Washington, D.C. — El presidente de Donald Trump aseguró que la ofensiva militar contra Irán continuará y que “el golpe mayor está por venir”, al afirmar que su administración no detendrá las operaciones hasta destruir el programa iraní de misiles, su fuerza naval y cualquier capacidad para fabricar un arma nuclear.
El mandatario sostuvo que la estrategia responde a lo que calificó como una amenaza creciente por parte de Teherán y subrayó que el objetivo es neutralizar de manera definitiva su infraestructura militar estratégica. “No vamos a detenernos hasta garantizar que no representen un peligro”, declaró.

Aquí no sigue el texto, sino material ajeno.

Lemma induced_iso_equiv : equivalence_rel (induced_iso e).
Proof.
have iso_sym C D : induced_iso e C D -> induced_iso e D C.
  case/induced_isoP=> f [fi fC fe]; have [h [_ hK hD he]] := induced_iso_inverse fi fC fe.
  by apply/induced_isoP; exists h; split=> //; exact: can_in_inj hK.
have iso_trans C D E : induced_iso e C D -> induced_iso e D E -> induced_iso e C E.
  case/induced_isoP=> f [fi fC fe] /induced_isoP[g [gi gD ge]].
  have fCD x : x \in C -> f x \in D by move=> xC; rewrite -fC imset_f.
  apply/induced_isoP; exists (g \o f); split.
  - by move=> x y xC yC /gi/fi; apply; rewrite ?fCD.
  - by rewrite imset_comp fC.
  - by move=> x y xC yC /=; rewrite ge ?fCD ?fe.
move=> C D E; split.
  by apply/induced_isoP; exists id; split=> //; rewrite imset_id.
move=> iCD; apply/idP/idP; first by apply: iso_trans; exact: iso_sym.
exact: iso_trans.
Qed.

Lemma induced_iso_card C D : induced_iso e C D -> #|D| = #|C|.
Proof. by case/induced_isoP=> f [fi <- _]; rewrite card_in_imset. Qed.

Lemma aut_induced_iso s C : {mono s : x y / e x y} -> induced_iso e C (s @: C).
Proof.
move=> hs; apply/induced_isoP; exists s.
by split=> [x y _ _|//|x y _ _]; [exact: perm_inj | exact: hs].
Qed.

End Isomorphism.

Section Components.
Variables (T : finType) (e : rel T).
Hypothesis e_sym : symmetric e.
Implicit Types (x y : T) (A C D X : {set T}) (S : {set {set T}}) (s : {perm T}).

Let e_csym : connect_sym e := sym_connect_sym e_sym.

Definition component x := [set y | connect e x y].

Definition edges_in S C := [set X in S | X \subset C].

Lemma mem_component x : x \in component x.
Proof. by rewrite inE connect0. Qed.

Lemma component_in_components x : component x \in components e.
Proof. exact: imset_f. Qed.

Lemma componentsE C x : C \in components e -> x \in C -> C = component x.
Proof.
case/imsetP=> z _ -> zx; apply/setP=> y; rewrite !inE.
by apply: same_connect; rewrite inE in zx.
Qed.

Lemma components_inhabited C : C \in components e -> exists x, x \in C.
Proof. by case/imsetP=> x _ ->; exists x; exact: mem_component. Qed.

Lemma components_disjoint C D x :
  C \in components e -> D \in components e -> x \in C -> x \in D -> C = D.
Proof. by move=> hC hD xC xD; rewrite (componentsE hC xC) (componentsE hD xD). Qed.

Lemma component_edge C x y : C \in components e -> x \in C -> e x y -> y \in C.
Proof. by move=> hC xC exy; rewrite (componentsE hC xC) inE connect1. Qed.

Lemma component_sub_closed A x : x \in A ->
  (forall a b, a \in A -> e a b -> b \in A) -> component x \subset A.
Proof.
move=> xA clA; have clA' : closed e A.
  by apply: (intro_closed e_csym) => a b eab /clA; apply.
by apply/subsetP=> y; rewrite inE => /(closed_connect clA') <-.
Qed.

Lemma component_isolated x : e x =1 xpred0 -> component x = [set x].
Proof.
move=> iso; apply/eqP; rewrite eqEsubset sub1set mem_component andbT.
by apply: component_sub_closed => [|a b /set1P->]; rewrite ?inE ?iso.
Qed.

Lemma component_has_edge C : C \in components e -> #|C| != 1 -> exists X, is_edge e C X.
Proof.
move=> hC C1; have [x xC] := components_inhabited hC.
case: (pickP (e x)) => [u exu|iso]; last first.
  by rewrite (componentsE hC xC) component_isolated // cards1 in C1.
by exists [set x; u]; apply/is_edgeP; exists x, u; rewrite xC (component_edge hC xC exu).
Qed.

Lemma edge_in_component C X x : C \in components e -> is_edge e setT X ->
  x \in X -> x \in C -> X \subset C.
Proof.
move=> hC /is_edgeP[u [v [_ _ euv ->]]] /set2P[]-> xC; apply/subsetP=> z /set2P[]->//.
  exact: component_edge euv.
by apply: (component_edge hC xC); rewrite e_sym.
Qed.

Lemma sum_edges_in_le S : {in S, forall X, is_edge e setT X} ->
  \sum_(C in components e) #|edges_in S C| <= #|S|.
Proof.
move=> Sedge; pose p X := if [pick x in X] is Some x then component x else set0.
rewrite -sum1_card [leqRHS](partition_big p (mem (components e))) => [|X XS]; last first.
  have /is_edgeP[u [v [_ _ _ XE]]] := Sedge X XS.
  rewrite /p; case: pickP => [x _|/(_ u)]; first exact: component_in_components.
  by rewrite XE !inE eqxx.
apply: leq_sum => C hC; rewrite sum1dep_card; apply/subset_leq_card/subsetP => X.
rewrite !inE => /andP[XS XC]; rewrite XS /p; case: pickP => [x xX|].
  by rewrite -(componentsE hC (subsetP XC x xX)) eqxx.
by have /is_edgeP[u [v [_ _ _ ->]]] := Sedge X XS; move/(_ u); rewrite !inE eqxx.
Qed.

Lemma homo_connect (f : T -> T) :
  {homo f : x y / e x y} -> {homo f : x y / connect e x y}.
Proof.
move=> hf x _ /connectP[p ep ->]; apply/connectP.
by exists (map f p); [exact: homo_path ep | rewrite last_map].
Qed.

Lemma aut_connect s : {mono s : x y / e x y} -> {mono s : x y / connect e x y}.
Proof.
move=> hs x y; apply/idP/idP; last by apply: homo_connect => a b; rewrite hs.
have hsV : {homo s^-1%g : a b / e a b}.
  by move=> a b; rewrite -{1}(permKV s a) -{1}(permKV s b) hs.
by move/(homo_connect hsV); rewrite !permK.
Qed.

Lemma aut_component s x : {mono s : x y / e x y} -> s @: component x = component (s x).
Proof.
move=> hs; apply/setP=> y; rewrite -{1}(permKV s y) (mem_imset _ _ (@perm_inj _ s)).
by rewrite !inE -(aut_connect hs) permKV.
Qed.

Lemma aut_components s C : {mono s : x y / e x y} ->
  C \in components e -> s @: C \in components e.
Proof. by move=> hs /imsetP[x _ ->]; rewrite aut_component ?component_in_components. Qed.

Lemma aut_stable_component s C X x : {mono s : x y / e x y} -> C \in components e ->
  x \in X -> X \subset C -> s @: X = X -> s @: C = C.
Proof.
move=> hs hC xX /subsetP XC sX; have sxC : s x \in C by rewrite XC // -sX imset_f.
by rewrite {1}(componentsE hC (XC x xX)) aut_component // -(componentsE hC sxC).
Qed.

Lemma aut_of_components (g : {perm T}) :
  (forall C, C \in components e ->
     g @: C \in components e /\ {in C &, {mono g : x y / e x y}}) ->
  {mono g : x y / e x y}.
Proof.
move=> hg x y; have [gC gmono] := hg _ (component_in_components x).
have [yC|yNC] := boolP (y \in component x); first exact: gmono (mem_component x) yC.
have -> : e x y = false by apply: contraNF yNC; rewrite inE; exact: connect1.
apply: contraNF yNC => egxy.
have gxC : g x \in g @: component x := imset_f _ (mem_component x).
by rewrite -(mem_imset _ _ (@perm_inj _ g)) (componentsE gC gxC) inE connect1.
Qed.

Lemma aut_extend C r : C \in components e -> perm_on C r ->
  {in C &, {mono r : x y / e x y}} -> {mono r : x y / e x y}.
Proof.
move=> hC rC rmono; apply: aut_of_components => D hD.
have [->|nDC] := eqVneq D C; first by rewrite (im_perm_on rC).
have rD : {in D, r =1 id}.
  move=> x xD; apply: (out_perm rC); apply: contra nDC => xC.
  by rewrite (components_disjoint hD hC xD xC).
by rewrite (eq_in_imset rD) imset_id; split=> // x y xD yD; rewrite !rD.
Qed.

Lemma aut_trivial_on_component s C S : {mono s : x y / e x y} ->
  C \in components e -> s @: C = C -> edge_det e C S ->
  {in S, forall X, s @: X = X} -> {in C, s =1 id}.
Proof.
move=> hs hC sC /edge_detP[SC hS] sS.
have sN : s \in 'N(C | 'P)%g.
  by apply/astabsP=> x; rewrite /aperm -{1}sC (mem_imset _ _ (@perm_inj _ s)).
have rs := restr_permE sN; set r := restr_perm C s in rs.
suff r1 : r = 1%g by move=> x xC; rewrite -rs // r1 perm1.
apply: hS => [|X XS]; last first.
  rewrite -{2}(sS X XS); apply: eq_in_imset => x.
  by move/(subsetP (is_edge_sub (SC X XS)))/rs.
by apply/is_autP; split=> [|x y xC yC]; rewrite ?restr_perm_on ?rs ?hs.
Qed.

Lemma swap_components C D : C \in components e -> D \in components e -> C != D ->
  induced_iso e C D -> exists g : {perm T},
  [/\ {mono g : x y / e x y}, g @: C = D & {in ~: (C :|: D), g =1 id}].
Proof.
move=> hC hD nCD /induced_isoP[f [fi fC fe]].
have [h [fK hK hC' he]] := induced_iso_inverse fi fC fe.
have fCD x : x \in C -> f x \in D by move=> xC; rewrite -fC imset_f.
have hDC y : y \in D -> h y \in C by move=> yD; rewrite -hC' imset_f.
have notC x : x \in D -> (x \in C) = false.
  by move=> xD; apply: contraNF nCD => xC; rewrite (components_disjoint hC hD xC xD).
pose g x := if x \in C then f x else if x \in D then h x else x.
have gK : involutive g.
  move=> x; rewrite /g; have [xC|xNC] := boolP (x \in C); first by rewrite notC fCD ?fK.
  by have [xD|xND] := boolP (x \in D); rewrite ?hDC ?hK ?(negbTE xNC) ?(negbTE xND).
have gE : {in C, perm (can_inj gK) =1 f} /\ {in D, perm (can_inj gK) =1 h}.
  by split=> x xA; rewrite permE /g ?xA // notC.
exists (perm (can_inj gK)); split; first apply: aut_of_components => A hA.
- have [->|nAC] := eqVneq A C.
    by rewrite (eq_in_imset gE.1) fC; split=> // x y xC yC; rewrite !gE.1 ?fe.
  have [->|nAD] := eqVneq A D.
    by rewrite (eq_in_imset gE.2) hC'; split=> // x y xD yD; rewrite !gE.2 ?he.
  have gA : {in A, perm (can_inj gK) =1 id}.
    move=> x xA; rewrite permE /g.
    have [xC|_] := ifPn; first by rewrite (components_disjoint hA hC xA xC) eqxx in nAC.
    by have [xD|//] := ifPn; rewrite (components_disjoint hA hD xA xD) eqxx in nAD.
  by rewrite (eq_in_imset gA) imset_id; split=> // x y xA yA; rewrite !gA.
- by rewrite (eq_in_imset gE.1).
- by move=> x; rewrite !inE negb_or permE /g => /andP[/negbTE-> /negbTE->].
Qed.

De acuerdo con la postura oficial de la Casa Blanca, la determinación de iniciar acciones bélicas se produjo tras el deterioro de las negociaciones diplomáticas y reportes de inteligencia que, según Washington, advertían avances preocupantes en el desarrollo armamentístico iraní.
La administración estadounidense sostiene que la operación busca debilitar puntos clave: instalaciones vinculadas al programa de misiles balísticos, bases navales estratégicas y centros relacionados con el desarrollo nuclear.
Trump no precisó un plazo para el fin de la ofensiva y dejó abierta la posibilidad de que las acciones se intensifiquen en las próximas semanas. Analistas internacionales advierten que un conflicto prolongado podría desestabilizar aún más la región de Medio Oriente, impactar los mercados energéticos y elevar la tensión entre potencias globales.
Por su parte, el gobierno iraní ha rechazado las acusaciones y ha advertido que responderá ante cualquier agresión, lo que mantiene en alerta a la comunidad internacional.
La evolución del conflicto y el alcance real de la operación estadounidense marcarán el rumbo de una crisis que podría redefinir el equilibrio geopolítico en la región.